▶ **ABOUT THIS EXERCISE**: From the listing below, copy only the lines running from the line that contains "(* Let $n$ be" to the line that contains "bijective sigma.", both included.
────
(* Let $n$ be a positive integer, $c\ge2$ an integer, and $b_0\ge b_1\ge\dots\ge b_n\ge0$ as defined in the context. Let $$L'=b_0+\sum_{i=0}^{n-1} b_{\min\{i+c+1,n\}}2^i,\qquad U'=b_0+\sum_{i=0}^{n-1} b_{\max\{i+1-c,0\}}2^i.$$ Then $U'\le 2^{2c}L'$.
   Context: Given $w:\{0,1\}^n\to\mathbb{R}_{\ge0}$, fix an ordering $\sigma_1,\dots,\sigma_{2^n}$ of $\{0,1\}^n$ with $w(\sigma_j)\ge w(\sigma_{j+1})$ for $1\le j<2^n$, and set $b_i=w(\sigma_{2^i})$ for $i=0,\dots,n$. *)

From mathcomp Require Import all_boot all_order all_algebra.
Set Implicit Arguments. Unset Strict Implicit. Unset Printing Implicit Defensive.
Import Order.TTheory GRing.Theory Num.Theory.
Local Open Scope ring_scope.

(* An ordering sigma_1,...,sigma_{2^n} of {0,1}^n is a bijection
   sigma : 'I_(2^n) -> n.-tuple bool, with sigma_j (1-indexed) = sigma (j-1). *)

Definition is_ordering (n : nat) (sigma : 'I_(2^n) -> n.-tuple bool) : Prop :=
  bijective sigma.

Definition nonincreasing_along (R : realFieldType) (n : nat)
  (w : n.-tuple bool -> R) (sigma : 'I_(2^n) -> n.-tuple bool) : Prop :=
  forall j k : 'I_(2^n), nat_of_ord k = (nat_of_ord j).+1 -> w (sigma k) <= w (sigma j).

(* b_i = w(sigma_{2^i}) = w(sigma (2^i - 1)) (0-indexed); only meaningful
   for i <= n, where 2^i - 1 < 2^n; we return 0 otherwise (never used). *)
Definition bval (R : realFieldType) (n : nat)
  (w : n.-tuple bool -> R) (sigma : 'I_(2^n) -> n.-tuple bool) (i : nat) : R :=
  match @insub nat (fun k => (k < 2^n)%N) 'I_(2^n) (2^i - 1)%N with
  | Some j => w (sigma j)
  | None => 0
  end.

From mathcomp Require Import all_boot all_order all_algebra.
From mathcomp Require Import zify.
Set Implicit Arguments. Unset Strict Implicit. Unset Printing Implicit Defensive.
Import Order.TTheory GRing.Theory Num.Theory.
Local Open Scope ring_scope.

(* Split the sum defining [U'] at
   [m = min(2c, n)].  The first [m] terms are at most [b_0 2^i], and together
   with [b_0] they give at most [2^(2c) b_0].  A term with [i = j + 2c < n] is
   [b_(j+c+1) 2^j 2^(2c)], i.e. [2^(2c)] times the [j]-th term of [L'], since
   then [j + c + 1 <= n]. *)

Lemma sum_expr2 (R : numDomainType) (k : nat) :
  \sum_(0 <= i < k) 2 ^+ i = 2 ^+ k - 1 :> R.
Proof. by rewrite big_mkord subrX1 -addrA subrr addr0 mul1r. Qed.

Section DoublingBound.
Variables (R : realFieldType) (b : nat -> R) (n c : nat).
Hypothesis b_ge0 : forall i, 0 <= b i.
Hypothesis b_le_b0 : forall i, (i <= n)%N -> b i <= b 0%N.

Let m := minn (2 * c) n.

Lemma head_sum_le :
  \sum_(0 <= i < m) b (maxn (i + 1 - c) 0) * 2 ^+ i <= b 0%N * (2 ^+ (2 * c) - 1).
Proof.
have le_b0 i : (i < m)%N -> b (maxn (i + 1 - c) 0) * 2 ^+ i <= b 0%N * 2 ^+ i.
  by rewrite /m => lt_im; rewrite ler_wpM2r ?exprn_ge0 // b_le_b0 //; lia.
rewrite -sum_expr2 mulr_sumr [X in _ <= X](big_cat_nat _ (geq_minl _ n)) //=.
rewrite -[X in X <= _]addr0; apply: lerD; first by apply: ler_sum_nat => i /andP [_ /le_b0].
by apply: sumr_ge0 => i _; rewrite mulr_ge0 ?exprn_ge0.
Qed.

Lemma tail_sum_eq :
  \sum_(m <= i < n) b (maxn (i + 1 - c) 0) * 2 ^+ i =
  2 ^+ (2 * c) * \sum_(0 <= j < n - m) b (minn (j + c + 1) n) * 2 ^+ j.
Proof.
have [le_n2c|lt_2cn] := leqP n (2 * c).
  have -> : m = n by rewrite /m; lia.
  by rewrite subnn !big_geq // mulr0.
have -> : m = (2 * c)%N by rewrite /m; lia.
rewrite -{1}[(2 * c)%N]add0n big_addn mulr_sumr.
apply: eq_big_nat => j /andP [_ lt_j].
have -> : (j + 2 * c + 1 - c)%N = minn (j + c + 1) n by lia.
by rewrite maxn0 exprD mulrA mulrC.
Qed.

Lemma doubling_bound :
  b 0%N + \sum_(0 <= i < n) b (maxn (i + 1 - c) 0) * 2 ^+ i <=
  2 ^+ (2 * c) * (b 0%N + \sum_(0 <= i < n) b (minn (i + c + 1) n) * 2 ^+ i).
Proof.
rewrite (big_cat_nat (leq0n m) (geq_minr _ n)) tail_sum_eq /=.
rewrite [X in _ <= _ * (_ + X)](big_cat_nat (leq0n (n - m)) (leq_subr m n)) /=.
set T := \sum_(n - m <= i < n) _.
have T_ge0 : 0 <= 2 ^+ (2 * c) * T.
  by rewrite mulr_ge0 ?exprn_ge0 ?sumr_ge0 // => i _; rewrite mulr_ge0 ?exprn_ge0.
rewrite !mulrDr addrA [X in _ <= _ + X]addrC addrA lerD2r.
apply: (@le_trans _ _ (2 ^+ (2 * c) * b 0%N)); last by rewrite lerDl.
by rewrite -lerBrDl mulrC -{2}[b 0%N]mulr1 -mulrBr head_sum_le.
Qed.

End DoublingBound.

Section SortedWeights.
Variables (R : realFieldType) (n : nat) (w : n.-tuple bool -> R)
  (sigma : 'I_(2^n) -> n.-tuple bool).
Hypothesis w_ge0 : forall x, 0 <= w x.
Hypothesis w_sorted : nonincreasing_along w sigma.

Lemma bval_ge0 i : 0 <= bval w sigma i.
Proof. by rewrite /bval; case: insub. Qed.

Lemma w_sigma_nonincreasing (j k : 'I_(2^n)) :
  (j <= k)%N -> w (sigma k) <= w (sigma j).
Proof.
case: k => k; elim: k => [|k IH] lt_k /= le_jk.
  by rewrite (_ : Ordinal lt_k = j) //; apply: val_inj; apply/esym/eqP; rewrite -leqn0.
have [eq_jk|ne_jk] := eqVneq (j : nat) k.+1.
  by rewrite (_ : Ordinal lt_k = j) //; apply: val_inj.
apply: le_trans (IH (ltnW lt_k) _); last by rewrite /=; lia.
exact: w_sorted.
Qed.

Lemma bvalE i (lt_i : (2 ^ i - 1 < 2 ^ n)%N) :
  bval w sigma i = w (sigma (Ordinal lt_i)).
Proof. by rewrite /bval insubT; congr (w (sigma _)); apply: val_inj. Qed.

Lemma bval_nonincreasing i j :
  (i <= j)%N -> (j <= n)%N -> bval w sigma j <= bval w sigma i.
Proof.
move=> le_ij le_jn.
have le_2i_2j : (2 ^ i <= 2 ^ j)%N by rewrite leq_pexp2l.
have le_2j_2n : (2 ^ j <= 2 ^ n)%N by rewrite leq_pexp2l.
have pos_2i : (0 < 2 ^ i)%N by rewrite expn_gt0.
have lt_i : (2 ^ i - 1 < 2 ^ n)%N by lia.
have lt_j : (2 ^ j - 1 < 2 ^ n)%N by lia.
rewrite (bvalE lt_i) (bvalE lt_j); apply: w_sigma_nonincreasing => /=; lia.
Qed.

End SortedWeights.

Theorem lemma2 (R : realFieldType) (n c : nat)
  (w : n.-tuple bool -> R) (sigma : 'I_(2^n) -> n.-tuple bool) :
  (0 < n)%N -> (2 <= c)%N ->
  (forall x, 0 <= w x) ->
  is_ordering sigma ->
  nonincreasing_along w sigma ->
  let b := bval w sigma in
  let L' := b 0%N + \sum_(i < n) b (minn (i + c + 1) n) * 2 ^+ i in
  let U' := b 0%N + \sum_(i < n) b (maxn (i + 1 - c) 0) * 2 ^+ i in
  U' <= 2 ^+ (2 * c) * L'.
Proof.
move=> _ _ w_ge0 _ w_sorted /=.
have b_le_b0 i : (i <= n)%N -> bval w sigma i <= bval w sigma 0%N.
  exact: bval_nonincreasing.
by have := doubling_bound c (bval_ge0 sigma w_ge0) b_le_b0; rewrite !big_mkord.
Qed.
────
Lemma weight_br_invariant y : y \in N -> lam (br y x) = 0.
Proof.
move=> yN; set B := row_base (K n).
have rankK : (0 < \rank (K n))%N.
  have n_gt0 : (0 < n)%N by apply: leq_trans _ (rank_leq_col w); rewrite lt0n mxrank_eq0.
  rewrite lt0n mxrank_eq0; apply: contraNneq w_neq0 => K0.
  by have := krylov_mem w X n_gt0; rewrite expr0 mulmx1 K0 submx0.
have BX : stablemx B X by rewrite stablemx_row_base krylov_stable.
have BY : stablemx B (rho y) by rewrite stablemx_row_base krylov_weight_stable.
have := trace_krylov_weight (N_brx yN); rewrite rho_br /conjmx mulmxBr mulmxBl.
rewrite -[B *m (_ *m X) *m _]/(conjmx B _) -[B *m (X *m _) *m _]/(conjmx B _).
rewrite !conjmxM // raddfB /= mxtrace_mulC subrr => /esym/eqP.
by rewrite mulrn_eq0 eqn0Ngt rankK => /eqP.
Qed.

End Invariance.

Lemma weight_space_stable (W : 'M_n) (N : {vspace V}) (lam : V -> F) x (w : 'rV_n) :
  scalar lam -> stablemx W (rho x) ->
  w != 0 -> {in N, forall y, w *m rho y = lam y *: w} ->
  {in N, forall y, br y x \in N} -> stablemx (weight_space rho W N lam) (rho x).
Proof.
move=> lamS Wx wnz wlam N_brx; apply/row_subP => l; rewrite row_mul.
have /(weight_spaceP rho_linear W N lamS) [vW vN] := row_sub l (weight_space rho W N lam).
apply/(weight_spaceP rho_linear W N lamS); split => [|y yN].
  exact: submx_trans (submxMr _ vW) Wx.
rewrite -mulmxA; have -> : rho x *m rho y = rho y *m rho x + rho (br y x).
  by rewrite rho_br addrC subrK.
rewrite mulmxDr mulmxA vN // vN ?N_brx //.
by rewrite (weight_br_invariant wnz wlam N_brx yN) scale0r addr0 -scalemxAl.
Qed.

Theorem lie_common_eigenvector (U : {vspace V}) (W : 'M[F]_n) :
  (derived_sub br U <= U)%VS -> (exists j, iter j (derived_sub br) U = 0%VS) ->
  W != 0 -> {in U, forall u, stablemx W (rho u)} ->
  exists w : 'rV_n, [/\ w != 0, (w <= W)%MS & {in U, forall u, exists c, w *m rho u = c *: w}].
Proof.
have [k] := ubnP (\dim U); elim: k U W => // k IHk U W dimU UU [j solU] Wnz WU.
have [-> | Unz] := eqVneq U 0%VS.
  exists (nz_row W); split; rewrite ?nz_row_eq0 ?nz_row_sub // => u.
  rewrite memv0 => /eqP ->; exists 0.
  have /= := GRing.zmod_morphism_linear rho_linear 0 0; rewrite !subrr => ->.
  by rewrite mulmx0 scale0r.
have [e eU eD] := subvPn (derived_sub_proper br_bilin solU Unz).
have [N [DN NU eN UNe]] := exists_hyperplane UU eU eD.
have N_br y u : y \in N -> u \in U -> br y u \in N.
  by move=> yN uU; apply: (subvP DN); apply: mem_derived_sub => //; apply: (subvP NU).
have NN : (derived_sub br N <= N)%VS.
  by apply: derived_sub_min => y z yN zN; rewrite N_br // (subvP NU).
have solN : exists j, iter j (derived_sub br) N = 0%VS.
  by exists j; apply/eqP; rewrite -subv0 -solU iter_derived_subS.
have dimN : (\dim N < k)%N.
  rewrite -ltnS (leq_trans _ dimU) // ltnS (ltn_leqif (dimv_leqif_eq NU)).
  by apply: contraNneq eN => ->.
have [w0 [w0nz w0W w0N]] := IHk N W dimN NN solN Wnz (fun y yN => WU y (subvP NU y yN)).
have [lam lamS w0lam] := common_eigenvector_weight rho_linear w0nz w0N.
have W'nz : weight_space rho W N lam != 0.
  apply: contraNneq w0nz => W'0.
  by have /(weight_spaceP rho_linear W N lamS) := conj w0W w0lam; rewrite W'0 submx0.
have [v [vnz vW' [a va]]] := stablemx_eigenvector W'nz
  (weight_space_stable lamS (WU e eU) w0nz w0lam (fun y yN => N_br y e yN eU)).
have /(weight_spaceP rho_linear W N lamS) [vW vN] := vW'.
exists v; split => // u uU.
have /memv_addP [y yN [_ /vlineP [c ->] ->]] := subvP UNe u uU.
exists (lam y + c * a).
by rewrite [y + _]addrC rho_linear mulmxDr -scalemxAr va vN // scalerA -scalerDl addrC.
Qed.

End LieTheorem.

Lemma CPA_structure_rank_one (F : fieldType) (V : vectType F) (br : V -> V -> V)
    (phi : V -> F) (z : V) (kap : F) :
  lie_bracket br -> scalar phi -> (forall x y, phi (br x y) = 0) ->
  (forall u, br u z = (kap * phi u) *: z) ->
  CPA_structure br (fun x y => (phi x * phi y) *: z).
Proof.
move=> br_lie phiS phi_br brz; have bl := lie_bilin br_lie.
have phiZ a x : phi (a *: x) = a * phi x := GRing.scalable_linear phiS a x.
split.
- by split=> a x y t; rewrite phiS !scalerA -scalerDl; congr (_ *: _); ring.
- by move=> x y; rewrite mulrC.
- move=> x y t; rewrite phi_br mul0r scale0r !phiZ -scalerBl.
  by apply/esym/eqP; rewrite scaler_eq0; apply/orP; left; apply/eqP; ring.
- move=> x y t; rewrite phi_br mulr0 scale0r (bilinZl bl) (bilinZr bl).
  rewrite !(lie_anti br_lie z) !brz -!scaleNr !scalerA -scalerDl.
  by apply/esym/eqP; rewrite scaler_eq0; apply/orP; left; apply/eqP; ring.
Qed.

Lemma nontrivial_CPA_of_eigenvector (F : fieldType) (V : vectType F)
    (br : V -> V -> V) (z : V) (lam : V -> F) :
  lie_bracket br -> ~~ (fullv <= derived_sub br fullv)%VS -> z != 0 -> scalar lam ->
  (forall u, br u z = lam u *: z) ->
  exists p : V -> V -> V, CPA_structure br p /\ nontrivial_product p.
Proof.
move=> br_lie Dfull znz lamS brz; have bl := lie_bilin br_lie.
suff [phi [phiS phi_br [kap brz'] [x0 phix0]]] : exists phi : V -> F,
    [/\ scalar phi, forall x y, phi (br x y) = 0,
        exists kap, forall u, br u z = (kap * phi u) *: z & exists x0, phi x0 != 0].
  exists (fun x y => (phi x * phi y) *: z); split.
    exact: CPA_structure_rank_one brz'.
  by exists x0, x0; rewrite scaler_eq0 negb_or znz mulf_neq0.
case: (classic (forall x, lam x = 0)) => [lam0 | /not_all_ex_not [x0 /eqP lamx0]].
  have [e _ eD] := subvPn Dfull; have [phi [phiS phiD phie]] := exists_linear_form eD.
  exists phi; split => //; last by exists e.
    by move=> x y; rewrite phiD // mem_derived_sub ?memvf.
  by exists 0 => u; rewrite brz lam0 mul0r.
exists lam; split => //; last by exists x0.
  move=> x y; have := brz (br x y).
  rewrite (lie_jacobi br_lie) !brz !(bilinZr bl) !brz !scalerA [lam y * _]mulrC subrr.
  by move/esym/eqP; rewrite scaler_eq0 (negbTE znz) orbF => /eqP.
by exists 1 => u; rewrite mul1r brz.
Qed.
────
▶ **RESPONSE AREA**:
(* Let $n$ be a positive integer, $c\ge2$ an integer, and $b_0\ge b_1\ge\dots\ge b_n\ge0$ as defined in the context. Let $$L'=b_0+\sum_{i=0}^{n-1} b_{\min\{i+c+1,n\}}2^i,\qquad U'=b_0+\sum_{i=0}^{n-1} b_{\max\{i+1-c,0\}}2^i.$$ Then $U'\le 2^{2c}L'$.
   Context: Given $w:\{0,1\}^n\to\mathbb{R}_{\ge0}$, fix an ordering $\sigma_1,\dots,\sigma_{2^n}$ of $\{0,1\}^n$ with $w(\sigma_j)\ge w(\sigma_{j+1})$ for $1\le j<2^n$, and set $b_i=w(\sigma_{2^i})$ for $i=0,\dots,n$. *)

From mathcomp Require Import all_boot all_order all_algebra.
Set Implicit Arguments. Unset Strict Implicit. Unset Printing Implicit Defensive.
Import Order.TTheory GRing.Theory Num.Theory.
Local Open Scope ring_scope.

(* An ordering sigma_1,...,sigma_{2^n} of {0,1}^n is a bijection
   sigma : 'I_(2^n) -> n.-tuple bool, with sigma_j (1-indexed) = sigma (j-1). *)

Definition is_ordering (n : nat) (sigma : 'I_(2^n) -> n.-tuple bool) : Prop :=
  bijective sigma.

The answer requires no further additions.